Further, although this embodiment has been explained by taking trimming of a reference voltage generation circuit as an example, it is obvious that the present method can be used for trimming other types of circuits that obtain a desired output by performing other trimming.

[Brief explanation of the drawing]

FIG. 1 is an explanatory diagram of an embodiment of the present invention, and FIG. 2 is an explanatory diagram of a conventional example.

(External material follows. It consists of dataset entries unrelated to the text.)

Definition avgD D (f : S * A * S -> \bar R) : \bar R :=
  (((size D)%:R)^-1)%:E * (\sum_(t <- D) f t)%E.

Definition Rbar D V alpha (pi : S -> A -> R) : \bar R :=
  avgD D (fun t => ((expR (alpha * V t.2) / Zn D V alpha t.1.1)%:E
                     * logE (Mpi D pi t.2 t.1.1))%E).

Definition Rbar1 D V alpha (pi : S -> A -> R) : \bar R :=
  avgD D (fun t => ((expR (alpha * V t.2) / expR (alpha * V t.1.1))%:E
                     * logE (Mpi D pi t.2 t.1.1))%E).

Definition pistar D V alpha (m : S -> A -> S) (s : S) (a : A) : R :=
  expR (alpha * V (m s a)) * beta D a s / Zn D V alpha s.

End Tabular.

Arguments beta {R S A}.
Arguments Mhat {R S A}.
Arguments Nhat {R S A}.

From HB Require Import structures.
From mathcomp Require Import all_boot all_order all_algebra.
From mathcomp Require Import all_classical all_reals.
From mathcomp Require Import all_analysis.
From mathcomp Require Import ring lra.

(* With a deterministic model, N(s'|s) = sum_a beta(a|s) [M(s,a) = s'], so pi^*
   reweights beta exactly as N^* reweights N: pi^* is a distribution inducing N^*,
   which gives (i) and (iv); (iii) is immediate.  For (ii), grouping the transitions of
   D by (s, s') rewrites both objectives as
     sum_s c(s) * sum_s' N^*(s'|s) log M(s'|s, pi)
   with nonnegative state weights c(s) (the visit count of s, times
   Z(s) / exp(alpha V(s)) for R_1).  Each inner sum is a cross entropy against the
   distribution N^*(.|s) while M(.|s, pi) has total mass at most 1, so by Gibbs'
   inequality it is maximal when M(.|s, pi) = N^*(.|s), i.e. at pi^*. *)

Set Implicit Arguments.
Unset Strict Implicit.
Unset Printing Implicit Defensive.
Import Order.TTheory GRing.Theory Num.Theory.
Local Open Scope ring_scope.

Lemma count_fibres (T : Type) (U : finType) (P : pred T) (f : T -> U) (r : seq T) :
  count P r = (\sum_u count (fun t => P t && (f t == u)) r)%N.
Proof.
elim: r => [|t r IH] /=; first by rewrite big1.
rewrite big_split /= -IH; congr (_ + _)%N.
rewrite (bigD1 (f t)) //= eqxx andbT big1 ?addn0 // => u /negbTE.
by rewrite eq_sym => ->; rewrite andbF.
Qed.

Section ExtendedRealSums.
Variable R : realType.

Lemma mul_logE_self (p : R) : 0 <= p -> (p%:E * logE p = (p * ln p)%:E)%E.
Proof.
rewrite le_eqVlt => /predU1P[<-|p_gt0]; first by rewrite mul0e mul0r.
by rewrite /logE p_gt0.
Qed.

(* Pointwise form of [ln x <= x - 1] at [x = q / p]. *)
Lemma mul_logE_le (p q : R) : 0 <= p -> 0 <= q ->
  (p%:E * logE q <= (p * ln p + (q - p))%:E)%E.
Proof.
rewrite le_eqVlt => /predU1P[<-|p_gt0] q_ge0.
  by rewrite mul0e mul0r add0r subr0 lee_fin.
rewrite /logE; case: ifPn => [q_gt0|_]; last by rewrite gt0_muleNy ?lte_fin ?leNye.
have ln_le : ln (q / p) <= q / p - 1.
  have qp_gt0 : 0 < q / p by rewrite divr_gt0.
  by have := @le_ln1Dx _ (q / p - 1); rewrite subrKC; apply; lra.
rewrite ln_div ?posrE // in ln_le.
have -> : q - p = p * (q / p - 1) by field; rewrite gt_eqF.
rewrite -EFinM lee_fin -mulrDr; apply: (ler_wpM2l (ltW p_gt0)).
by rewrite -lerBlDl.
Qed.

Lemma mul_logE_neqy (p q : R) : 0 <= p -> (p%:E * logE q != +oo)%E.
Proof.
rewrite le_eqVlt => /predU1P[<-|p_gt0]; first by rewrite mul0e.
by rewrite /logE; case: ifP => // _; rewrite gt0_muleNy.
Qed.

Lemma gibbs_inequality (T : finType) (p q : T -> R) :
  (forall x, 0 <= p x) -> (forall x, 0 <= q x) -> \sum_x q x <= \sum_x p x ->
  (\sum_x (p x)%:E * logE (q x) <= \sum_x (p x)%:E * logE (p x))%E.
Proof.
move=> p_ge0 q_ge0 sum_qp.
under [X in (_ <= X)%E]eq_bigr => x _ do rewrite mul_logE_self //.
rewrite sumEFin.
apply: (@le_trans _ _ (\sum_x ((p x * ln (p x) + (q x - p x))%:E))%E).
  by apply: lee_sum => x _; exact: mul_logE_le.
by rewrite sumEFin lee_fin big_split /= sumrB gerDl subr_le0.
Qed.

Lemma sume_fibres (T : Type) (U : finType) (g : T -> U) (F : U -> \bar R) (r : seq T) :
  (\sum_(t <- r) F (g t) = \sum_u (count (fun t => g t == u) r)%:R%:E * F u)%E.
Proof.
elim: r => [|t r IH]; first by rewrite big_nil big1 // => u _; rewrite mul0e.
rewrite big_cons IH /=.
under [RHS]eq_bigr => u _ do rewrite natrD EFinD ge0_muleDl ?lee_fin //.
rewrite big_split /=; congr (_ + _)%E.
rewrite (bigD1 (g t)) //= eqxx mul1e big1 ?adde0 // => u /negbTE.
by rewrite eq_sym => ->; rewrite mul0e.
Qed.

End ExtendedRealSums.

Section Dataset.
Variables (R : realType) (S A : finType) (D : dataset S A).

Definition cnt_ss (s s' : S) : nat := count (fun t => (t.1.1 == s) && (t.2 == s')) D.

Lemma cnt_sas_le s a s' : (cnt_sas D s a s' <= cnt_sa D s a)%N.
Proof. by apply: sub_count => t /and3P[-> ->]. Qed.

Lemma cnt_sa_le s a : (cnt_sa D s a <= cnt_s D s)%N.
Proof. by apply: sub_count => t /andP[]. Qed.

Lemma cnt_sa_sum s a : cnt_sa D s a = (\sum_s' cnt_sas D s a s')%N.
Proof.
rewrite /cnt_sa (@count_fibres _ _ _ (fun t => t.2)); apply: eq_bigr => s' _.
by apply: eq_count => t; rewrite andbA.
Qed.

Lemma cnt_ss_sum s s' : cnt_ss s s' = (\sum_a cnt_sas D s a s')%N.
Proof.
rewrite /cnt_ss (@count_fibres _ _ _ (fun t => t.1.2)); apply: eq_bigr => a _.
by apply: eq_count => t; rewrite -andbA [(t.2 == s') && _]andbC.
Qed.

Lemma beta_ge0 a s : 0 <= beta D a s :> R.
Proof. by rewrite /beta; case: ifP => // _; rewrite divr_ge0. Qed.

Lemma Mhat_ge0 s' s a : 0 <= Mhat D s' s a :> R.
Proof. by rewrite /Mhat; case: ifP => // _; rewrite divr_ge0. Qed.

Lemma Mhat_sum_le1 s a : \sum_s' Mhat D s' s a <= 1 :> R.
Proof.
rewrite /Mhat; case: posnP => [_|sa_gt0]; first by rewrite big1 ?ler01.
by rewrite -mulr_suml -natr_sum -cnt_sa_sum divff // pnatr_eq0 -lt0n.
Qed.

Lemma beta_Mhat_cnt a s s' :
  beta D a s * Mhat D s' s a * (cnt_s D s)%:R = (cnt_sas D s a s')%:R :> R.
Proof.
have [sa0|sa_gt0] := posnP (cnt_sa D s a).
  have /eqP sas0 : cnt_sas D s a s' == 0%N by rewrite -leqn0 -sa0 cnt_sas_le.
  by rewrite /Mhat sa0 sas0 mulr0 mul0r.
have s_gt0 := leq_trans sa_gt0 (cnt_sa_le s a).
rewrite /beta /Mhat s_gt0 sa_gt0; field.
by rewrite !pnatr_eq0 -!lt0n s_gt0 sa_gt0.
Qed.

Lemma Nhat_cnt s' s : Nhat D s' s * (cnt_s D s)%:R = (cnt_ss s s')%:R :> R.
Proof.
rewrite /Nhat mulr_suml cnt_ss_sum natr_sum.
by apply: eq_bigr => a _; exact: beta_Mhat_cnt.
Qed.

Lemma Nhat_ge0 s' s : 0 <= Nhat D s' s :> R.
Proof. by apply: sumr_ge0 => a _; rewrite mulr_ge0 ?beta_ge0 ?Mhat_ge0. Qed.

Lemma Nhat_gt0 t : t \in D -> 0 < Nhat D t.2 t.1.1 :> R.
Proof.
move=> tD; rewrite lt_def Nhat_ge0 andbT; apply/eqP => N0.
have : (0 < cnt_ss t.1.1 t.2)%N by rewrite -has_count; apply/hasP; exists t; rewrite ?eqxx.
by rewrite -(ltr0n R) -Nhat_cnt N0 mul0r ltxx.
Qed.

Lemma Mpi_ge0 (pi : S -> A -> R) s' s : is_policy pi -> 0 <= Mpi D pi s' s.
Proof.
move=> pi_pol; apply: sumr_ge0 => a _.
by rewrite mulr_ge0 ?Mhat_ge0 //; case: (pi_pol s).
Qed.

Lemma Mpi_sum_le1 (pi : S -> A -> R) s : is_policy pi -> \sum_s' Mpi D pi s' s <= 1.
Proof.
case/(_ s) => pi_ge0 pi_sum1; rewrite /Mpi exchange_big /= -pi_sum1.
apply: ler_sum => a _; rewrite -mulr_sumr -[leRHS]mulr1.
exact: ler_wpM2l (Mhat_sum_le1 s a).
Qed.

End Dataset.

Section Objective.
Variables (R : realType) (S A : finType) (D : dataset S A) (V : S -> R) (alpha : R).

Lemma Zn_ge0 s : 0 <= Zn D V alpha s.
Proof. by apply: sumr_ge0 => s' _; rewrite mulr_ge0 ?expR_ge0 ?Nhat_ge0. Qed.

Lemma Zn_gt0 s : inD D s -> 0 < Zn D V alpha s.
Proof.
case/hasP => t tD /eqP <-; rewrite /Zn (bigD1 t.2) //=.
rewrite ltr_wpDr ?mulr_gt0 ?expR_gt0 ?Nhat_gt0 //.
by apply: sumr_ge0 => s' _; rewrite mulr_ge0 ?expR_ge0 ?Nhat_ge0.
Qed.

Lemma Nstar_ge0 s' s : 0 <= Nstar D V alpha s' s.
Proof. by rewrite divr_ge0 ?mulr_ge0 ?expR_ge0 ?Nhat_ge0 ?Zn_ge0. Qed.

Lemma Nstar_sum1 s : inD D s -> \sum_s' Nstar D V alpha s' s = 1.
Proof. by move=> sD; rewrite -mulr_suml divff // gt_eqF // Zn_gt0. Qed.

Definition weighted_objective (k : S -> R) (pi : S -> A -> R) : \bar R :=
  avgD D (fun t => ((k t.1.1 * (expR (alpha * V t.2) / Zn D V alpha t.1.1))%:E
                     * logE (Mpi D pi t.2 t.1.1))%E).

Lemma Rbar_weighted pi : Rbar D V alpha pi = weighted_objective (fun _ => 1) pi.
Proof.
rewrite /Rbar /weighted_objective /avgD.
by under [X in _ = (_ * X)%E]eq_bigr do rewrite mul1r.
Qed.

Lemma Rbar1_weighted pi :
  Rbar1 D V alpha pi =
  weighted_objective (fun s => Zn D V alpha s / expR (alpha * V s)) pi.
Proof.
rewrite /Rbar1 /weighted_objective /avgD; congr (_ * _)%E.
rewrite big_seq [RHS]big_seq; apply: eq_bigr => t tD; congr (_%:E * _)%E.
have Z_gt0 : 0 < Zn D V alpha t.1.1 by apply: Zn_gt0; apply/hasP; exists t.
by field; rewrite !gt_eqF ?expR_gt0.
Qed.

(* Transitions (s, ., s') occur cnt_s(s) * N(s'|s) times, turning the weights
   exp(alpha V(s')) / Z(s) into N^*(s'|s). *)
Lemma sum_weighted_logE (k : S -> R) (f : S -> S -> R) :
  (\sum_(t <- D) (k t.1.1 * (expR (alpha * V t.2) / Zn D V alpha t.1.1))%:E
                   * logE (f t.2 t.1.1)
   = \sum_s ((cnt_s D s)%:R * k s)%:E
       * \sum_s' (Nstar D V alpha s' s)%:E * logE (f s' s))%E.
Proof.
transitivity (\sum_s \sum_s' ((cnt_s D s)%:R * k s)%:E
                 * ((Nstar D V alpha s' s)%:E * logE (f s' s)))%E; last first.
  apply: eq_bigr => s _; rewrite fin_num_sume_distrr // => s1 s2 _ _.
  by rewrite /adde_def !(negbTE (mul_logE_neqy _ (Nstar_ge0 _ _))) andbF.
rewrite pair_bigA (@sume_fibres _ _ _ (fun t => (t.1.1, t.2))
  (fun ss => (k ss.1 * (expR (alpha * V ss.2) / Zn D V alpha ss.1))%:E
               * logE (f ss.2 ss.1))%E).
apply: eq_bigr => -[s s'] _ /=; rewrite !muleA -!EFinM; congr (_%:E * _)%E.
rewrite -[count _ _]/(cnt_ss D s s') -Nhat_cnt /Nstar.
ring.
Qed.

Lemma weighted_objective_le (k : S -> R) (pi pi0 : S -> A -> R) :
  (forall s, 0 <= k s) -> is_policy pi ->
  (forall s, inD D s -> forall s', Mpi D pi0 s' s = Nstar D V alpha s' s) ->
  (weighted_objective k pi <= weighted_objective k pi0)%E.
Proof.
move=> k_ge0 pi_pol pi0_Nstar; rewrite /weighted_objective /avgD.
apply: lee_wpmul2l; first by rewrite lee_fin invr_ge0.
rewrite !sum_weighted_logE; apply: lee_sum => s _.
have [s0|s_gt0] := posnP (cnt_s D s); first by rewrite s0 mul0r !mul0e.
have sD : inD D s by rewrite /inD has_count.
apply: lee_wpmul2l; first by rewrite lee_fin mulr_ge0.
under [X in (_ <= X)%E]eq_bigr => s' _ do rewrite pi0_Nstar //.
apply: gibbs_inequality => [s'|s'|]; rewrite ?Nstar_ge0 ?Mpi_ge0 //.
by rewrite Nstar_sum1 // Mpi_sum_le1.
Qed.

End Objective.

Section Deterministic.
Variables (R : realType) (S A : finType) (D : dataset S A) (V : S -> R) (alpha : R).
Variable m : S -> A -> S.
Hypothesis hdet : forall (s : S) (a : A), inDsa D s a ->
  forall s' : S, Mhat D s' s a = (m s a == s')%:R :> R.

Lemma beta_Mhat_det a s s' :
  beta D a s * Mhat D s' s a = beta D a s * (m s a == s')%:R :> R.
Proof.
rewrite /beta; case: posnP => [_|s_gt0]; first by rewrite !mul0r.
have [sa0|sa_gt0] := posnP (cnt_sa D s a); first by rewrite sa0 !mul0r.
by rewrite hdet // /inDsa has_count sa_gt0.
Qed.

Lemma Zn_det s : Zn D V alpha s = \sum_a beta D a s * expR (alpha * V (m s a)).
Proof.
rewrite /Zn /Nhat; under eq_bigr => s' _ do rewrite mulr_sumr.
rewrite exchange_big /=; apply: eq_bigr => a _.
rewrite (bigD1 (m s a)) //= big1 ?addr0 => [|s' /negbTE ms_neq].
  by rewrite beta_Mhat_det eqxx mulr1 mulrC.
by rewrite beta_Mhat_det eq_sym ms_neq mulr0 mulr0.
Qed.

Lemma pistar_ge0 s a : 0 <= pistar D V alpha m s a.
Proof. by rewrite divr_ge0 ?mulr_ge0 ?expR_ge0 ?beta_ge0 ?Zn_ge0. Qed.

Lemma pistar_sum1 s : inD D s -> \sum_a pistar D V alpha m s a = 1.
Proof.
move=> sD; rewrite -mulr_suml; under eq_bigr do rewrite mulrC.
by rewrite -Zn_det divff // gt_eqF // Zn_gt0.
Qed.

Lemma Nstar_Mpi_pistar s' s : Nstar D V alpha s' s = Mpi D (pistar D V alpha m) s' s.
Proof.
rewrite /Nstar /Nhat mulr_sumr mulr_suml; apply: eq_bigr => a _.
have -> : pistar D V alpha m s a * Mhat D s' s a
          = expR (alpha * V (m s a)) * (beta D a s * Mhat D s' s a) / Zn D V alpha s.
  by rewrite /pistar; ring.
by rewrite !beta_Mhat_det; case: eqP => [->|_]; rewrite ?mulr0 ?mul0r.
Qed.

End Deterministic.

In the figure, 1... stabilizing voltage generation circuit,
2.7...Operation amplifier, 301-308.10
01S1003.1101-1103.15 ・-・
-Resistor, 401-424...MOS transistor, 501-503...Inverting circuit, 6...
...Ground potential, 8...Output terminal, 9...
... Positive voltage terminal, 1201-1203... Cutting section, 1301-1303.14... Trimming terminal, 16... Negative voltage terminal, 1701.17
02...2 human-powered OR circuit, 18...
Selector, 19...Test terminal, 2001-2
020... It is a node.

Claims (1)

[Claims] Before performing trimming on the trimming terminal of the circuit to be trimmed, the potential of a test terminal provided separately from the trimming terminal is controlled, and the voltage of the circuit to be trimmed is adjusted for each potential of the test terminal. A trimming method characterized by measuring the output, selecting the area to be trimmed based on the measured value, and performing the trimming.